Data records |
Lemma qform_comb (x y : R) (P Q : 'I_K -> 'I_K -> R) w :
  qform (fun a b => x * P a b + y * Q a b) w = x * qform P w + y * qform Q w.
Proof.
rewrite /qform !mulr_sumr -big_split; apply: eq_bigr => a _ /=.
by rewrite !mulr_sumr -big_split; apply: eq_bigr => b _ /=; ring.
Qed.

Lemma qform_PHV w : qform (fun a b => PHV R (kvec k a) (kvec k b)) w =
  \sum_(a < K | (0 < a)%N && (0 < k - a)%N) w a ^+ 2.
Proof.
rewrite big_mkcond; apply: eq_bigr => a _; rewrite (bigD1 a) //= big1 => [|b ba].
  by rewrite PHV_kvec eqxx addr0; case: ifP; rewrite ?mulr1 ?mulr0 ?mul0r ?expr2.
by rewrite PHV_kvec eq_sym (negbTE ba) mulr0 mul0r.
Qed.

Lemma qform_PDA w : qform (fun a b => PDA R (kvec k a) (kvec k b)) w =
  \sum_(n < k | (0 < n)%N) dot (fun a => da_mx R k a n) w ^+ 2.
Proof.
rewrite /qform; under eq_bigr do under eq_bigr do rewrite PDA_kvec mulr_sumr mulr_suml.
under eq_bigr do rewrite exchange_big /=.
rewrite exchange_big /=; apply: eq_bigr => n _.
rewrite expr2 /dot mulr_suml; apply: eq_bigr => a _.
by rewrite mulr_sumr; apply: eq_bigr => b _; ring.
Qed.

Lemma pdc_block_formE pz w : qform (pdc_block pz) w =
  pz * \sum_(a < K | (0 < a)%N && (0 < k - a)%N) w a ^+ 2
  + (1 - pz) * \sum_(n < k | (0 < n)%N) dot (fun a => da_mx R k a n) w ^+ 2.
Proof. by rewrite qform_comb qform_PHV qform_PDA. Qed.

Lemma pdc_block_form_ge0 pz w : 0 <= pz <= 1 -> 0 <= qform (pdc_block pz) w.
Proof.
case/andP=> pz0 pz1; rewrite pdc_block_formE.
by rewrite addr_ge0 // mulr_ge0 ?subr_ge0 // sumr_ge0 // => i _; exact: sqr_ge0.
Qed.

Exercise objective | Set all the data down again, exactly as it reads above.

Task response |
Lemma qform_comb (x y : R) (P Q : 'I_K -> 'I_K -> R) w :
  qform (fun a b => x * P a b + y * Q a b) w = x * qform P w + y * qform Q w.
Proof.
rewrite /qform !mulr_sumr -big_split; apply: eq_bigr => a _ /=.
by rewrite !mulr_sumr -big_split; apply: eq_bigr => b _ /=; ring.
Qed.

Lemma qform_PHV w : qform (fun a b => PHV R (kvec k a) (kvec k b)) w =
  \sum_(a < K | (0 < a)%N && (0 < k - a)%N) w a ^+ 2.
Proof.
rewrite big_mkcond; apply: eq_bigr => a _; rewrite (bigD1 a) //= big1 => [|b ba].
  by rewrite PHV_kvec eqxx addr0; case: ifP; rewrite ?mulr1 ?mulr0 ?mul0r ?expr2.
by rewrite PHV_kvec eq_sym (negbTE ba) mulr0 mul0r.
Qed.

Lemma qform_PDA w : qform (fun a b => PDA R (kvec k a) (kvec k b)) w =
  \sum_(n < k | (0 < n)%N) dot (fun a => da_mx R k a n) w ^+ 2.
Proof.
rewrite /qform; under eq_bigr do under eq_bigr do rewrite PDA_kvec mulr_sumr mulr_suml.
under eq_bigr do rewrite exchange_big /=.
rewrite exchange_big /=; apply: eq_bigr => n _.
rewrite expr2 /dot mulr_suml; apply: eq_bigr => a _.
by rewrite mulr_sumr; apply: eq_bigr => b _; ring.
Qed.

Lemma pdc_block_formE pz w : qform (pdc_block pz) w =
  pz * \sum_(a < K | (0 < a)%N && (0 < k - a)%N) w a ^+ 2
  + (1 - pz) * \sum_(n < k | (0 < n)%N) dot (fun a => da_mx R k a n) w ^+ 2.
Proof. by rewrite qform_comb qform_PHV qform_PDA. Qed.

Lemma pdc_block_form_ge0 pz w : 0 <= pz <= 1 -> 0 <= qform (pdc_block pz) w.
Proof.
case/andP=> pz0 pz1; rewrite pdc_block_formE.
by rewrite addr_ge0 // mulr_ge0 ?subr_ge0 // sumr_ge0 // => i _; exact: sqr_ge0.
Qed.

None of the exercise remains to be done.